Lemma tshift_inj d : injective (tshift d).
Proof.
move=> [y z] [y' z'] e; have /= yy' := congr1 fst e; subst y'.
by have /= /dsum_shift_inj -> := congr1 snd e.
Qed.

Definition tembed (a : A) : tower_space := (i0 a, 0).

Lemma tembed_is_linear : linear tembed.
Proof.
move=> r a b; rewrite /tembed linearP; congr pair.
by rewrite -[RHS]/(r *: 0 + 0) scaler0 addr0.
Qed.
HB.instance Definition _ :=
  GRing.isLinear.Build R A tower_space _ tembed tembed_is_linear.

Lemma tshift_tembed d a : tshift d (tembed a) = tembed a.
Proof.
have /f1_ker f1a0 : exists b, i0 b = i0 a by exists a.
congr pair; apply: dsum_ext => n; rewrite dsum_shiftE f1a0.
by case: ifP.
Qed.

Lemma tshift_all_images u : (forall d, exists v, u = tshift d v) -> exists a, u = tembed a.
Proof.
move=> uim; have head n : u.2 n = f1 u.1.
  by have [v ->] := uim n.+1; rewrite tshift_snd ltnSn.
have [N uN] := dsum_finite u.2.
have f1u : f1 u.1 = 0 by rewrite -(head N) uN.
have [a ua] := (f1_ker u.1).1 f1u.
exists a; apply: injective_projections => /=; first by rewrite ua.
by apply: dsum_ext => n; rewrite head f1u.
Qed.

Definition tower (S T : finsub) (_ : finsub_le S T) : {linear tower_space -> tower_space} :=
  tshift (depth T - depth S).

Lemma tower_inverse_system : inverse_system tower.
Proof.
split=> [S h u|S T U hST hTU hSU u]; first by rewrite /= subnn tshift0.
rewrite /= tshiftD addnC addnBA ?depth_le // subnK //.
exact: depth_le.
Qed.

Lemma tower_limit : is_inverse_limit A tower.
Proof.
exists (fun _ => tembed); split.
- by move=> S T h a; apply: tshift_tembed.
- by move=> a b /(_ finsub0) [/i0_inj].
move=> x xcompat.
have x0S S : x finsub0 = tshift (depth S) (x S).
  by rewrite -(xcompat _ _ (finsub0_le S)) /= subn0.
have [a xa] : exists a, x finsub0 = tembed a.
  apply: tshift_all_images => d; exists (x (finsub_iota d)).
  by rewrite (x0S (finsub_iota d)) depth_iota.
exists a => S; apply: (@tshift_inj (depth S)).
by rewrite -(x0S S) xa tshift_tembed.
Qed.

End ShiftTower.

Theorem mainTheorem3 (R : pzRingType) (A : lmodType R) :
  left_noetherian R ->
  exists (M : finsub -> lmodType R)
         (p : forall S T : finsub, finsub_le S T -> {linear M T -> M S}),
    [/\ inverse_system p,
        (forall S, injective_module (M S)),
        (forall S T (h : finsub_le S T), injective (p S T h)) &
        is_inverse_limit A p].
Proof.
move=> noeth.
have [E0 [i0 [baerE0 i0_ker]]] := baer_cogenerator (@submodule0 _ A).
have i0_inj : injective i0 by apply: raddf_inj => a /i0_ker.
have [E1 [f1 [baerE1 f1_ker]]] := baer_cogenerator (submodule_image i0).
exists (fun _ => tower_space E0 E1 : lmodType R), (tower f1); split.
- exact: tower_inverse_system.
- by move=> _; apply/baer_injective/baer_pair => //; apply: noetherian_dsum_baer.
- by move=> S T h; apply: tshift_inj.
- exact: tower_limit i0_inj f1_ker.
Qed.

Instructions to follow
Set out the complete listing exactly as shown.

The completed task
Lemma tshift_inj d : injective (tshift d).
Proof.
move=> [y z] [y' z'] e; have /= yy' := congr1 fst e; subst y'.
by have /= /dsum_shift_inj -> := congr1 snd e.
Qed.

Definition tembed (a : A) : tower_space := (i0 a, 0).

Lemma tembed_is_linear : linear tembed.
Proof.
move=> r a b; rewrite /tembed linearP; congr pair.
by rewrite -[RHS]/(r *: 0 + 0) scaler0 addr0.
Qed.
HB.instance Definition _ :=
  GRing.isLinear.Build R A tower_space _ tembed tembed_is_linear.

Lemma tshift_tembed d a : tshift d (tembed a) = tembed a.
Proof.
have /f1_ker f1a0 : exists b, i0 b = i0 a by exists a.
congr pair; apply: dsum_ext => n; rewrite dsum_shiftE f1a0.
by case: ifP.
Qed.

Lemma tshift_all_images u : (forall d, exists v, u = tshift d v) -> exists a, u = tembed a.
Proof.
move=> uim; have head n : u.2 n = f1 u.1.
  by have [v ->] := uim n.+1; rewrite tshift_snd ltnSn.
have [N uN] := dsum_finite u.2.
have f1u : f1 u.1 = 0 by rewrite -(head N) uN.
have [a ua] := (f1_ker u.1).1 f1u.
exists a; apply: injective_projections => /=; first by rewrite ua.
by apply: dsum_ext => n; rewrite head f1u.
Qed.

Definition tower (S T : finsub) (_ : finsub_le S T) : {linear tower_space -> tower_space} :=
  tshift (depth T - depth S).

Lemma tower_inverse_system : inverse_system tower.
Proof.
split=> [S h u|S T U hST hTU hSU u]; first by rewrite /= subnn tshift0.
rewrite /= tshiftD addnC addnBA ?depth_le // subnK //.
exact: depth_le.
Qed.

Lemma tower_limit : is_inverse_limit A tower.
Proof.
exists (fun _ => tembed); split.
- by move=> S T h a; apply: tshift_tembed.
- by move=> a b /(_ finsub0) [/i0_inj].
move=> x xcompat.
have x0S S : x finsub0 = tshift (depth S) (x S).
  by rewrite -(xcompat _ _ (finsub0_le S)) /= subn0.
have [a xa] : exists a, x finsub0 = tembed a.
  apply: tshift_all_images => d; exists (x (finsub_iota d)).
  by rewrite (x0S (finsub_iota d)) depth_iota.
exists a => S; apply: (@tshift_inj (depth S)).
by rewrite -(x0S S) xa tshift_tembed.
Qed.

End ShiftTower.

Theorem mainTheorem3 (R : pzRingType) (A : lmodType R) :
  left_noetherian R ->
  exists (M : finsub -> lmodType R)
         (p : forall S T : finsub, finsub_le S T -> {linear M T -> M S}),
    [/\ inverse_system p,
        (forall S, injective_module (M S)),
        (forall S T (h : finsub_le S T), injective (p S T h)) &
        is_inverse_limit A p].
Proof.
move=> noeth.
have [E0 [i0 [baerE0 i0_ker]]] := baer_cogenerator (@submodule0 _ A).
have i0_inj : injective i0 by apply: raddf_inj => a /i0_ker.
have [E1 [f1 [baerE1 f1_ker]]] := baer_cogenerator (submodule_image i0).
exists (fun _ => tower_space E0 E1 : lmodType R), (tower f1); split.
- exact: tower_inverse_system.
- by move=> _; apply/baer_injective/baer_pair => //; apply: noetherian_dsum_baer.
- by move=> S T h; apply: tshift_inj.
- exact: tower_limit i0_inj f1_ker.
Qed.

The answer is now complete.